1.  You can bring on your laptop or iwhatever you'd like - Be advised your time or ability to use it may be slim at best.  I invested in a cheap DVD player that I didn't care if it broke from being kicked about in your locker.

2.  You will have a DND email account which you can use, as well there _*may be*_ welfare phones to use at a rate of 15mins per week.  Once you get into port fill your boots with a pay phone.  

3.  Now I haven't been to sea sense 2009 but I suspect there still is no wifi on ships.  Once again when you get to port find a place with wifi and fill your boots. 

4.  There is DWAN access.  Now IT folks correct me if I'm wrong but last I went to sea you could get FB and hotmail but no steaming video or music and sadly The Chive is now a no no too 

If you have anymore questions don't hesitate to ask.


----------



## Journeyman (11 Dec 2012)

Halifax Tar said:
			
		

> ....and sadly The Chive is now a no no too


 True.  :'(


----------



## MusclesGlasses (11 Dec 2012)

Halifax Tar said:
			
		

> ...sadly The Chive is now a no no too



No matter how much questionable material people think theChive includes in their posts, you can't deny that raising almost 100k in less than 6 hours for a two year old with brittle bone disease, is nothing short of a modern miracle. 

http://chivecharities.org ... nuf said.

Cheers and Chive On!


----------



## PMedMoe (12 Dec 2012)

So, this went from a "What is life like in the Navy?" thread to a thread touting the merits of The Chive*?    :

BTW, the charity thing is all well and good, but I believe it was the "questionable material" on The Chive that got the DWAN access blocked.

*And a double post, no less....


----------



## Halifax Tar (12 Dec 2012)

Sadly you are right this thread, as can happenn, has gone a drift, to keep it nautical. 


In defense of the Chive there is nothing on the chive you can't see in a Sears catalogueue


----------



## jollyjacktar (12 Dec 2012)

What you can bring on board may be limited depending upon what ship you are posted to.  A post-FELEX, CPF is not welcoming to *anything* that has wi-fi capability at the present.  So, no computer, no cell phone, no wireless 360, or e-readers etc etc.  Nothing that could possibly access the net or be connected to a computer is allowed at present.
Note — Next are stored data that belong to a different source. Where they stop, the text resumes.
Lemma iter_fdiff_coord_le (h : R) ix (F : V -> W) p c B : 0 <= h ->
  (forall w, l1norm w <= h * (size ix)%:R -> `|F (p + w) ord0 c| <= B) ->
  `|iter_fdiff h ix F p ord0 c| <= 2 ^+ size ix * B.
Proof.
move=> h0; elim: ix p => [|i ix IH] p hF /=.
  by rewrite expr0 mul1r; have := hF 0; rewrite addr0 l1norm0 mulr0 lexx; apply.
rewrite /fdiff !mxE exprS -mulrA mulr_natl mulr2n.
apply: le_trans (ler_normB _ _) (lerD _ _).
  apply: IH => w hw; rewrite -addrA; apply: hF.
  apply: le_trans (l1normD _ _) _; rewrite l1normZ_evec ger0_norm //.
  by rewrite -natr1 mulrDr mulr1 addrC lerD2r.
apply: IH => w hw; apply: hF; apply: le_trans hw _.
by apply: ler_wpM2l => //; rewrite ler_nat.
Qed.

End FiniteDifferences.

Section MeanValue.
Variables (R : realType) (u s : nat).
Local Notation V := 'rV[R]_u.
Local Notation W := 'rV[R]_s.

Lemma shift_translate (F : V -> W) w q :
  (fun x => F (x + w)) \o shift q = F \o shift (q + w).
Proof. by apply: funext => y /=; rewrite addrA. Qed.

Lemma derivable_fdiff (F : V -> W) w q v :
  derivable F (q + w) v -> derivable F q v ->
  derivable (fdiff w F) q v /\ 'D_v (fdiff w F) q = 'D_v F (q + w) - 'D_v F q.
Proof.
move=> dFw dF.
have dFw' : derivable (fun x => F (x + w)) q v.
  by move: dFw; rewrite /derivable shift_translate.
split; first exact: (derivableB dFw' dF).
by rewrite (deriveB dFw' dF) /derive shift_translate.
Qed.

Lemma is_derive_line_coord (F : V -> W) p (e : V) c t :
  derivable F (p + t *: e) e ->
  is_derive t 1 (fun t => F (p + t *: e) ord0 c) ('D_e F (p + t *: e) ord0 c).
Proof.
move=> dF; set q := p + t *: e.
have E : (fun r : R => r^-1 *: (((fun t => F (p + t *: e) ord0 c) \o shift t) (r *: 1)
            - F (p + t *: e) ord0 c)) =
         (fun A : W => A ord0 c) \o (fun r => r^-1 *: ((F \o shift q) (r *: e) - F q)).
  apply: funext => r /=; rewrite [in RHS]mxE [in RHS]mxE [in RHS]mxE.
  rewrite /q; congr (_ * (F _ _ _ - _)).
  by rewrite /GRing.scale /= mulr1 scalemxDl addrCA.
have cv : ((fun A : W => A ord0 c) \o
    (fun r => r^-1 *: ((F \o shift q) (r *: e) - F q))) @ 0^' --> 'D_e F q ord0 c.
  by apply: continuous_cvg; [exact: coord_continuous | exact: dF].
apply: DeriveDef; first by rewrite /derivable E; apply: cvgP cv.
by rewrite /derive E; apply: cvg_lim cv.
Qed.

Lemma fdiff_coord_mvt (F : V -> W) (p e : V) (h : R) c : 0 < h ->
  (forall t, 0 <= t <= h -> derivable F (p + t *: e) e) ->
  exists2 t, 0 < t < h & fdiff (h *: e) F p ord0 c = h * 'D_e F (p + t *: e) ord0 c.
Proof.
move=> h0 dF; set phi := fun t => F (p + t *: e) ord0 c.
have phi' t : 0 <= t <= h -> is_derive t 1 phi ('D_e F (p + t *: e) ord0 c).
  by move=> /dF; apply: is_derive_line_coord.
have [t t_in ht] : exists2 t, t \in `]0, h[%R &
    phi h - phi 0 = 'D_e F (p + t *: e) ord0 c * (h - 0).
  apply: MVT => // [x|].
    by rewrite in_itv /= => /andP[x0 xh]; apply: phi'; rewrite !ltW.
  apply: derivable_within_continuous => x; rewrite in_itv /= => hx.
  by have [] := phi' x hx.
exists t; first by move: t_in; rewrite in_itv.
rewrite subr0 mulrC in ht.
by rewrite -ht /phi /fdiff scale0r addr0 !mxE.
Qed.

Lemma derive_iter_fdiff (h : R) ix (F : V -> W) i q : 0 <= h ->
  (forall w, l1norm w <= h * (size ix)%:R -> derivable F (q + w) (evec R i)) ->
  derivable (iter_fdiff h ix F) q (evec R i) /\
  'D_(evec R i) (iter_fdiff h ix F) q = iter_fdiff h ix (partial i F) q.
Proof.
move=> h0; elim: ix q => [|j ix IH] q dF /=.
  by have := dF 0; rewrite addr0 l1norm0 mulr0 lexx => /(_ isT).
set v := h *: evec R j.
have [d1 e1] : derivable (iter_fdiff h ix F) (q + v) (evec R i) /\
  'D_(evec R i) (iter_fdiff h ix F) (q + v) = iter_fdiff h ix (partial i F) (q + v).
  apply: IH => w hw; rewrite -addrA; apply: dF.
  apply: le_trans (l1normD _ _) _; rewrite l1normZ_evec ger0_norm //.
  by rewrite -natr1 mulrDr mulr1 addrC lerD2r.
have hle : h * (size ix)%:R <= h * (size (j :: ix))%:R.
  by rewrite ler_wpM2l // ler_nat /=.
have [d2 e2] := IH q (fun w hw => dF w (le_trans hw hle)).
have [d3 e3] := derivable_fdiff d1 d2.
by split => //; rewrite e3 e1 e2.
Qed.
What Halifax Tar suggested is a good idea, go old school with a cheap personal DVD player.  Real books will be a good idea too if you're the reading type of person.  

You will have an email account to keep in touch with home, and there may be welfare phones available too, but don't count on them.  As for surfing the net, I suspect you'll be too busy doing your training to have much time for things like sufing the net to any degree.  Of course, your access to the outside world will depend upon what activity your ship is doing.  They might be in River City state, which means no internet access for the crew due to operational requirements.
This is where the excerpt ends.